7. A method comprising:

a. receiving, at a processor, a request to store data;

b. the processor determining a data storage location on a storage device;

c. communicating a transfer descriptor comprising the data storage location and a length for the data to be stored from the processor to an integrated circuit;

d. an integrated circuit transferring the data to be stored from a first memory to a second memory;

e. communicating a write request for the data to be stored from the integrated circuit to a common off the shelf storage device;

f. the common off the shelf storage device initiating a direct memory access transfer with the integrated circuit for the data to be stored; and

g. transferring the data to be stored from the second memory to the common off the shelf storage device according to the direct memory access transfer;

wherein:

i. the integrated circuit transfers the data to be stored from the first memory to the second memory before the common off the shelf storage device initiates the direct memory access transfer;

ii. the method is performed without an operating system.

8. The method of claim 7, wherein the integrated circuit is a field programmable gate array.

9. The method of claim 7 wherein:

b. the printed circuit board is integrated into a single physical device with a data source configured to generate the data to be stored.

10. The method of claim 7, wherein:

a. the first memory comprises a random access memory which is external to the integrated circuit; and

b. the second memory comprises a cache which is located on the integrated circuit.

11. The method of claim 7, wherein:

a. the common off the shelf storage device communicates using peripheral component interconnect express; and

b. the common off the shelf storage device comprises:

i. a host bus adapter; and

1) a hard disk; and

2) a solid state drive.

12. A machine comprising:

a. a processor;

b. a memory; and

c. a means for prefetching data from the memory and communicating the prefetched data to a common off the shelf storage device according to requests from the processor.

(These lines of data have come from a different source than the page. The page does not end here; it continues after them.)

(* Over C the Hermitian half of psdmx is automatic: A - A^* has a vanishing
   quadratic form once all values qform A v are real. *)
Lemma psdP n (A : 'M[C]_n) : psdmx A <-> forall v, 0 <= qform A v.
Proof.
split=> [[_ A_ge0] //|A_ge0]; split=> //.
suff : A - adjmx A = 0 by move/eqP; rewrite subr_eq0 => /eqP.
apply: qform_eq0 => v; rewrite qformB qform_adj.
by rewrite conj_Creal ?subrr // ger0_real.
Qed.

Lemma psd_add n (A B : 'M[C]_n) : psdmx A -> psdmx B -> psdmx (A + B).
Proof. by move=> /psdP A0 /psdP B0; apply/psdP => v; rewrite qformD addr_ge0. Qed.

Lemma psd_scale n (A : 'M[C]_n) c : 0 <= c -> psdmx A -> psdmx (c *: A).
Proof. by move=> c0 /psdP A0; apply/psdP => v; rewrite qformZ mulr_ge0. Qed.

Lemma psd_congr n m (A : 'M[C]_n) (B : 'M[C]_(n, m)) :
  psdmx A -> psdmx (adjmx B *m A *m B).
Proof. by move=> /psdP A0; apply/psdP => v; rewrite qform_congr. Qed.

Lemma psd_diag_ge0 n (A : 'M[C]_n) i : psdmx A -> 0 <= A i i.
Proof.
move=> /psdP /(_ (1 *: delta_mx i 0 + 0 *: delta_mx i 0)).
by rewrite qform_pair conjC1 conjC0 (_ : _ + _ = A i i) //; ring.
Qed.

Lemma psd_diag_mx n (D : 'M[C]_n) :
  is_diag_mx D -> (forall i, 0 <= D i i) -> psdmx D.
Proof.
move=> /is_diag_mxP D_diag D_ge0; apply/psdP => v; rewrite qformE.
apply: sumr_ge0 => i _; rewrite (bigD1 i) //= big1 ?addr0 => [|j ji].
  by rewrite mulrAC mulr_ge0 // mulrC mul_conjC_ge0.
by rewrite D_diag ?mulr0 ?mul0r // eq_sym.
Qed.

Lemma loewner_anti n (A B : 'M[C]_n) : loewner_le A B -> loewner_le B A -> A = B.
Proof.
move=> /psdP AB /psdP BA; apply/eqP; rewrite -subr_eq0; apply/eqP.
apply: qform_eq0 => v; apply/eqP; rewrite eq_le BA andbT.
by rewrite qformB -oppr_ge0 opprB -qformB AB.
Qed.

Lemma loewner_congr n m (A B : 'M[C]_n) (P : 'M[C]_(n, m)) :
  loewner_le A B -> loewner_le (adjmx P *m A *m P) (adjmx P *m B *m P).
Proof. by rewrite /loewner_le -mulmxBl -mulmxBr; exact: psd_congr. Qed.

Lemma loewner_le_scale n (A B : 'M[C]_n) (x y : R) : psdmx B -> 0 <= x -> 0 <= y ->
  (0 < x -> loewner_le A ((y / x)%:C%C *: B)) ->
  loewner_le (x%:C%C *: A) (y%:C%C *: B).
Proof.
move=> B0 x0 y0 AB; rewrite /loewner_le; move: x0; rewrite le_eqVlt => /predU1P[<- | x_gt0].
  by rewrite rmorph0 scale0r subr0; apply: psd_scale; rewrite ?ler0c.
have -> : y%:C%C *: B - x%:C%C *: A = x%:C%C *: ((y / x)%:C%C *: B - A).
  by rewrite scalerBr scalerA -rmorphM mulrCA divff ?mulr1 // gt_eqF.
by apply: psd_scale; [rewrite ler0c ltW | exact: AB].
Qed.

Lemma psd_qformRe n (A : 'M[C]_n) v :
  psdmx A -> qform A v = (complex.Re (qform A v))%:C%C.
Proof. by move=> /psdP A0; rewrite RRe_real // ger0_real. Qed.

Lemma psd_qformRe_ge0 n (A : 'M[C]_n) v : psdmx A -> 0 <= complex.Re (qform A v).
Proof. by move=> A0; rewrite -ler0c -psd_qformRe //; move/psdP: A0. Qed.

Lemma loewner_le_scaleP n (A B : 'M[C]_n) (c : R) : psdmx A -> psdmx B ->
  loewner_le A (c%:C%C *: B) <->
  forall v, complex.Re (qform A v) <= c * complex.Re (qform B v).
Proof.
move=> A0 B0; have qformBZ v : qform (c%:C%C *: B - A) v =
    (c * complex.Re (qform B v) - complex.Re (qform A v))%:C%C.
  by rewrite qformB qformZ (psd_qformRe v A0) (psd_qformRe v B0) -rmorphM -rmorphB.
rewrite /loewner_le psdP; split=> AB v; have := AB v;
  by rewrite qformBZ ler0c subr_ge0.
Qed.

13. The machine of claim 12, wherein:

a. the means for prefetching data from the memory and communicating the prefetched data to a common off the shelf storage device according to requests from the processor is located on a printed circuit board which also houses the processor and the memory; and

b. the printed circuit board is integrated into a single physical device with a data source configured to generate the data to be communicated to the common off the shelf storage device.

14. The machine of claim 12, wherein the means for prefetching data from the memory and communicating the prefetched data to a common off the shelf storage device according to requests from the processor is a field programmable gate array.

15. The machine of claim 12, wherein means for prefetching data from the memory and communicating the prefetched data to a common off the shelf storage device according to requests from the processor is configured to communicate the prefetched data to the common off the shelf storage device using peripheral component interconnect express.